[Entries provided]:
(* Arm 1 first; after a failure arm 2 forever; after a success arm 2 exactly
   once, in round 2 or 3 according to a fair coin, and arm 1 otherwise. *)
Definition explore_policy : policy R := fun h =>
  match h with
  | [::] => 1
  | (_, false) :: _ => 0
  | [:: (_, true)] => 1/2
  | [:: (_, true); (a2, _)] => if a2 then 0 else 1
  | _ => 1
  end.

Lemma explore_policy_valid : valid_policy explore_policy.
Proof.
move=> [|[a [] [|[[] r] [|y h]]]] /=; apply/andP; split; lra.
Qed.

Definition explore_rate (n : nat) : R := if (n <= 1)%N then 1/2 else 1.

Lemma explore_after_success th n :
  \sum_(h : n.-tuple (arm * bool))
     hist_prob_aux explore_policy eps th [:: (true, true)] h *
     prob_arm explore_policy ((true, true) :: h) true = explore_rate n.
Proof.
case: n => [|[|n]].
- by rewrite big_tuple0 /= mul1r.
- by rewrite big_tuple_cons big_bool_pair /= !big_tuple0 /explore_rate /=; lra.
- rewrite /explore_rate /= -[RHS](hist_prob_sum1 explore_policy eps th n.+2 [:: (true, true)]).
  by apply: eq_bigr => -[[|[a r] [|[b u] s]] //= _] _; rewrite mulr1.
Qed.

Lemma explore_arm_prob0 th : arm_prob explore_policy eps th 0 true = 1.
Proof. by rewrite /arm_prob big_tuple0 /= mul1r. Qed.

Lemma explore_arm_probS th n :
  arm_prob explore_policy eps th n.+1 true = mu eps th true * explore_rate n.
Proof.
rewrite arm_probS big_bool_pair /= explore_after_success subrr !mul0r.
by under eq_bigr do rewrite mulr0; rewrite big1_eq mulr0 mul1r !addr0.
Qed.

Hypothesis eps_range : 0 < eps < 1/2.

Lemma explore_gap_ge0 n i j :
  0 <= \sum_th prior R th * arm_prob explore_policy eps th n i * (mu eps th i - mu eps th j).
Proof.
have /andP[e0 e1] := eps_range.
have arm2E th m : arm_prob explore_policy eps th m false = 1 - arm_prob explore_policy eps th m true.
  by have := arm_prob_sum1 explore_policy eps th m; lra.
(* For [i = arm 2] the gap is [eps^2 (21 c - 2) / 20] with [c = explore_rate], hence [c >= 2/21] suffices. *)
have rate_ge m : 0 <= eps ^+ 2 * (explore_rate m - 1/2).
  by rewrite mulr_ge0 ?sqr_ge0 // subr_ge0 /explore_rate; case: (m <= 1)%N; lra.
have := sqr_ge0 eps; have := rate_ge n.-1; rewrite big_bool /prior /=.
case: n => [|n] /= rate e2; case: i; rewrite ?arm2E ?explore_arm_prob0 ?explore_arm_probS;
  case: j; rewrite /mu /=; lra.
Qed.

[Exercise brief]:
Please reproduce the lines from the line with "false) :: _ => 0" to the line with "(arm * bool))", both ends included, exactly as they appear above.

[Answer box]:
  | (_, false) :: _ => 0
  | [:: (_, true)] => 1/2
  | [:: (_, true); (a2, _)] => if a2 then 0 else 1
  | _ => 1
  end.

Lemma explore_policy_valid : valid_policy explore_policy.
Proof.
move=> [|[a [] [|[[] r] [|y h]]]] /=; apply/andP; split; lra.
Qed.

Definition explore_rate (n : nat) : R := if (n <= 1)%N then 1/2 else 1.

Lemma explore_after_success th n :
  \sum_(h : n.-tuple (arm * bool))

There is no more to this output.